Pulpy entertainment is at the heart of The Predator, a wild late summer treat whose makers are well aware of the genre confines in which the movie exists and celebrate them whenever possible. 

Iron Man 3 to one side, such ends are to be expected from director/co-writer Shane Black (The Nice Guys), who returns to his ‘80s roots — the guy had a supporting part in the Schwarzenegger series originator — with smart, irreverent filmmaking that’s equal parts comedy and bloody sci-fi action/adventure.
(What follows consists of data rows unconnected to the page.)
Lemma norm_cone_reflect X Y a b : 0 <= a -> 0 <= b ->
  N X = 1 -> N Y = 1 -> N (lincomb a X b Y) = 1 ->
  N (vsub (vadd X Y) (lincomb a X b Y)) <= 1.
Proof.
  intros ha hb hX hY hZ.
  destruct (Rle_lt_dec b a) as [hab|hab].
  - apply norm_cone_reflect_ordered; auto; lra.
  - replace (vsub (vadd X Y) (lincomb a X b Y))
      with (vsub (vadd Y X) (lincomb b Y a X)) by vec_field.
    replace (lincomb a X b Y) with (lincomb b Y a X) in hZ by vec_field.
    apply norm_cone_reflect_ordered; auto; lra.
Qed.

Lemma N_pair_lipschitz a1 a2 b1 b2 :
  Rabs (N (a1, a2) - N (b1, b2)) <= Rabs (a1 - b1) * N (1, 0) + Rabs (a2 - b2) * N (0, 1).
Proof.
  assert (half : forall a1 a2 b1 b2,
             N (a1, a2) - N (b1, b2) <= Rabs (a1 - b1) * N (1, 0) + Rabs (a2 - b2) * N (0, 1)).
  { clear a1 a2 b1 b2; intros a1 a2 b1 b2.
    replace (a1, a2) with (vadd (b1, b2) (lincomb (a1 - b1) (1, 0) (a2 - b2) (0, 1)))
      by vec_field.
    pose proof (norm_triangle _ HN (b1, b2) (lincomb (a1 - b1) (1, 0) (a2 - b2) (0, 1))).
    pose proof (N_lincomb_le (a1 - b1) (1, 0) (a2 - b2) (0, 1)).
    lra. }
  apply Rabs_le; split; [|apply half].
  pose proof (half b1 b2 a1 a2) as hba.
  rewrite (Rabs_minus_sym b1), (Rabs_minus_sym b2) in hba; lra.
Qed.

Lemma continuity_pt_N_pair f g t : continuity_pt f t -> continuity_pt g t ->
  continuity_pt (fun s => N (f s, g s)) t.
Proof.
  unfold continuity_pt, continue_in, limit1_in, limit_in; simpl; unfold R_dist.
  intros hf hg eps heps.
  pose proof (norm_nonneg _ HN (1, 0)); pose proof (norm_nonneg _ HN (0, 1)).
  set (K := N (1, 0) + N (0, 1) + 1).
  assert (hK : 0 < eps / K) by (apply Rdiv_lt_0_compat; unfold K; lra).
  destruct (hf (eps / K) hK) as [d1 [hd1 h1]].
  destruct (hg (eps / K) hK) as [d2 [hd2 h2]].
  exists (Rmin d1 d2); split; [apply Rmin_pos; lra|].
  intros s [Ds hs].
  assert (hfs : Rabs (f s - f t) < eps / K)
    by (apply h1; split; auto; pose proof (Rmin_l d1 d2); lra).
  assert (hgs : Rabs (g s - g t) < eps / K)
    by (apply h2; split; auto; pose proof (Rmin_r d1 d2); lra).
  assert (hKeps : eps / K * K = eps) by (field; unfold K; lra).
  eapply Rle_lt_trans; [apply N_pair_lipschitz|].
  assert (Rabs (f s - f t) * N (1, 0) <= eps / K * N (1, 0)) by (apply Rmult_le_compat_r; lra).
  assert (Rabs (g s - g t) * N (0, 1) <= eps / K * N (0, 1)) by (apply Rmult_le_compat_r; lra).
  assert (eps / K * (N (1, 0) + N (0, 1)) < eps / K * K)
    by (apply Rmult_lt_compat_l; [exact hK | unfold K; lra]).
  lra.
Qed.
(* Let $S>0$, $I\ge1$, $J\in\{1,\dots,I\}$, $N_1,\dots,N_I$ positive integers and $\theta_1>\dots>\theta_I>0$. Consider the partial price differentiation problem: maximize $\sum_{i=1}^I n_ip_is_i$ over prices $p^1,\dots,p^J>0$, assignments $a_i^j\in\{0,1\}$ with $\sum_{j=1}^J a_i^j=1$ for each $i$, and $n_i\in\{0,\dots,N_i\}$, subject to $p_i=\sum_{j=1}^J a_i^jp^j$, $s_i=(\theta_i/p_i-1)^+$ for each $i$, and $\sum_{i=1}^I n_is_i\le S$. Call group $i$ effective in a feasible solution if $n_is_i>0$. Then at any optimal solution of this problem, the set of effective groups is $\{1,2,\dots,K\}$ for some integer $K$.
   Context: Group $i$ consists of $N_i$ users each with utility $\theta_i\ln(1+s)$; a user facing unit price $p$ demands $(\theta_i/p-1)^+$, where $(x)^+=\max(x,0)$. The service provider has total resource $S$ and may use at most $J$ distinct unit prices, each group being charged one of them. *)

From mathcomp Require Import all_boot all_order all_algebra.
Set Implicit Arguments. Unset Strict Implicit. Unset Printing Implicit Defensive.
Import Order.TTheory GRing.Theory Num.Theory.
Local Open Scope ring_scope.

Definition pospart (R : realFieldType) (x : R) : R := Num.max x 0.

Definition grp_price (R : realFieldType) (I J : nat)
  (p : 'I_J -> R) (a : 'I_I -> 'I_J -> nat) (i : 'I_I) : R :=
  \sum_(j < J) (a i j)%:R * p j.

Definition grp_demand (R : realFieldType) (I J : nat) (theta : 'I_I -> R)
  (p : 'I_J -> R) (a : 'I_I -> 'I_J -> nat) (i : 'I_I) : R :=
  pospart (theta i / grp_price p a i - 1).

Definition revenue (R : realFieldType) (I J : nat) (theta : 'I_I -> R)
  (p : 'I_J -> R) (a : 'I_I -> 'I_J -> nat) (n : 'I_I -> nat) : R :=
  \sum_(i < I) (n i)%:R * grp_price p a i * grp_demand theta p a i.

Definition feasible (R : realFieldType) (I J : nat) (S : R) (N : 'I_I -> nat)
  (theta : 'I_I -> R) (p : 'I_J -> R) (a : 'I_I -> 'I_J -> nat)
  (n : 'I_I -> nat) : Prop :=
  (forall j, 0 < p j) /\
  (forall i j, (a i j <= 1)%N) /\
  (forall i, (\sum_(j < J) a i j)%N = 1%N) /\
  (forall i, (n i <= N i)%N) /\
  \sum_(i < I) (n i)%:R * grp_demand theta p a i <= S.
(* Let $S_X,S_Y$ be finite nonempty action sets and $\varphi:S_X\times S_Y\to\mathbb{R}$. Suppose $\sigma_X:\mathcal{H}\to\Delta(S_X)$ is a $(\varphi,1)$-autocratic behavioral strategy for $X$ of arbitrary memory. Then there exists a two-point reactive learning strategy for $X$ that is also $(\varphi,1)$-autocratic.
   Context: Two players $X,Y$ play a repeated game with finite action sets $S_X,S_Y$; $\Delta(S)$ denotes the probability distributions on $S$. $\varphi$ is extended to mixed actions in its first argument by $\varphi(\tau_X,s_Y)=\mathbb{E}_{s_X\sim\tau_X}[\varphi(s_X,s_Y)]$. Histories: $\mathcal{H}=\bigcup_{T\ge0}(S_X\times S_Y)^T$. A behavioral strategy for $X$ is a map $\sigma_X:\mathcal{H}\to\Delta(S_X)$, similarly for $Y$; in each round $t$ players independently draw actions from their strategies evaluated at the history of realized action pairs of rounds $0,\dots,t-1$, and $\mathbb{E}_{\sigma_X,\sigma_Y}$ is the expectation over the resulting play. $\sigma_X$ is $(\varphi,1)$-autocratic if for every behavioral strategy $\sigma_Y$ of $Y$ the Cesàro limit $\lim_{T\to\infty}\frac{1}{T+1}\sum_{t=0}^T\mathbb{E}_{\sigma_X,\sigma_Y}[\varphi(s_X^t,s_Y^t)]$ exists and equals $0$. A reactive learning strategy for $X$ is a pair $(\sigma_X^0,\sigma_X^* )$ with $\sigma_X^0\in\Delta(S_X)$ and $\sigma_X^*:\Delta(S_X)\times S_Y\to\Delta(S_X)$, played by using $\tau_X^0=\sigma_X^0$ in round $0$ and $\tau_X^{t+1}=\sigma_X^*[\tau_X^t,s_Y^t]$ in round $t+1$, where $s_Y^t$ is $Y$'s realized action in round $t$. It is two-point if there exist $\tau_X^\pm\in\Delta(S_X)$, $p_0\in[0,1]$, $p^*:[0,1]\times S_Y\to[0,1]$ with $\sigma_X^0=p_0\tau_X^++(1-p_0)\tau_X^-$ and $\sigma_X^*[p\tau_X^++(1-p)\tau_X^-,s_Y]=p^*[p,s_Y]\tau_X^++(1-p^*[p,s_Y])\tau_X^-$ for all $p\in[0,1]$, $s_Y\in S_Y$. *)

From HB Require Import structures.
From mathcomp Require Import all_boot all_order all_algebra.
From mathcomp Require Import all_classical all_reals all_analysis.
Set Implicit Arguments. Unset Strict Implicit. Unset Printing Implicit Defensive.
Import Order.TTheory GRing.Theory Num.Theory.
Import numFieldNormedType.Exports.
Local Open Scope classical_set_scope.
Local Open Scope ring_scope.
(* For every integer $n \geq 1$, $$\sum_{\pi \vdash n} t(\pi) = \sum_{i \geq 1} S(i)\, p(n-i).$$
   Context: $p(m)$ is the number of partitions of $m$, with $p(0)=1$ and $p(m)=0$ for $m<0$. For a partition $\pi$, $f_i$ denotes the number of times $i$ appears as a part of $\pi$, and $t(\pi)$ is the nonnegative integer such that $f_i$ is odd for all $1 \leq i \leq t(\pi)$ and $f_{t(\pi)+1}$ is even (possibly zero). The rank of a partition is its largest part minus its number of parts. For $i \geq 1$, $S(i)$ is the number of partitions of $i$ into distinct parts with even rank minus the number of partitions of $i$ into distinct parts with odd rank. *)

From mathcomp Require Import all_boot all_order all_algebra.
Set Implicit Arguments. Unset Strict Implicit. Unset Printing Implicit Defensive.
Import GRing.Theory Num.Theory.

(* A partition of n is encoded by its frequency function:
   f : {ffun 'I_n -> 'I_n.+1}, where f i is the multiplicity f_{i+1} of the
   part i+1 (parts of a partition of n lie in 1..n, and each multiplicity
   is at most n).  f encodes a partition of n iff sum_k k * f_k = n. *)
Definition fpart (n : nat) := {ffun 'I_n -> 'I_n.+1}.

Definition is_part (n : nat) (f : fpart n) : bool :=
  \sum_(i < n) i.+1 * f i == n.

Definition mult (n : nat) (f : fpart n) (k : nat) : nat :=
  match insub k.-1 with
  | Some i => if k is 0 then 0 else nat_of_ord (f i)
  | None => 0
  end.

Definition npart (m : nat) : nat := #|[pred f : fpart m | is_part f]|.

(* t(pi): the least j with f_{j+1} even, i.e. f_1,...,f_j all odd. Since
   f_{n+1} = 0, the search in 0..n always succeeds. *)
Definition tpart (n : nat) (f : fpart n) : nat :=
  find (fun j => ~~ odd (mult f j.+1)) (iota 0 n.+1).

Definition num_parts (n : nat) (f : fpart n) : nat := \sum_(i < n) (f i : nat).

Definition largest_part (n : nat) (f : fpart n) : nat :=
  \max_(i < n | (f i : nat) != 0) i.+1.

Definition rank (n : nat) (f : fpart n) : int :=
  (largest_part f)%:Z - (num_parts f)%:Z.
In classic throwback fashion, the film finds military sniper Quinn (Boyd Holbrook, Logan) teaming with a charming rag-tag group of purportedly mentally ill ex-soldiers — played by the likes of Trevante Rhodes (Moonlight), Keegan-Michael Key and Thomas Jane — and theoretical alien expert Casey (Olivia Munn, providing unintentional comedy with her choppy running motion) after witnessing an alien landing and surviving a battle with the titular visitor.

Complicating matters is the accidental involvement of Quinn’s autistic son Rory (Jacob Tremblay, Room) via a few pieces of E.T. tech and attempts by shadowy government agent Traeger (Sterling K. Brown, Black Panther) to collect all interesting samples — humans included — for himself, regardless of the collateral damage.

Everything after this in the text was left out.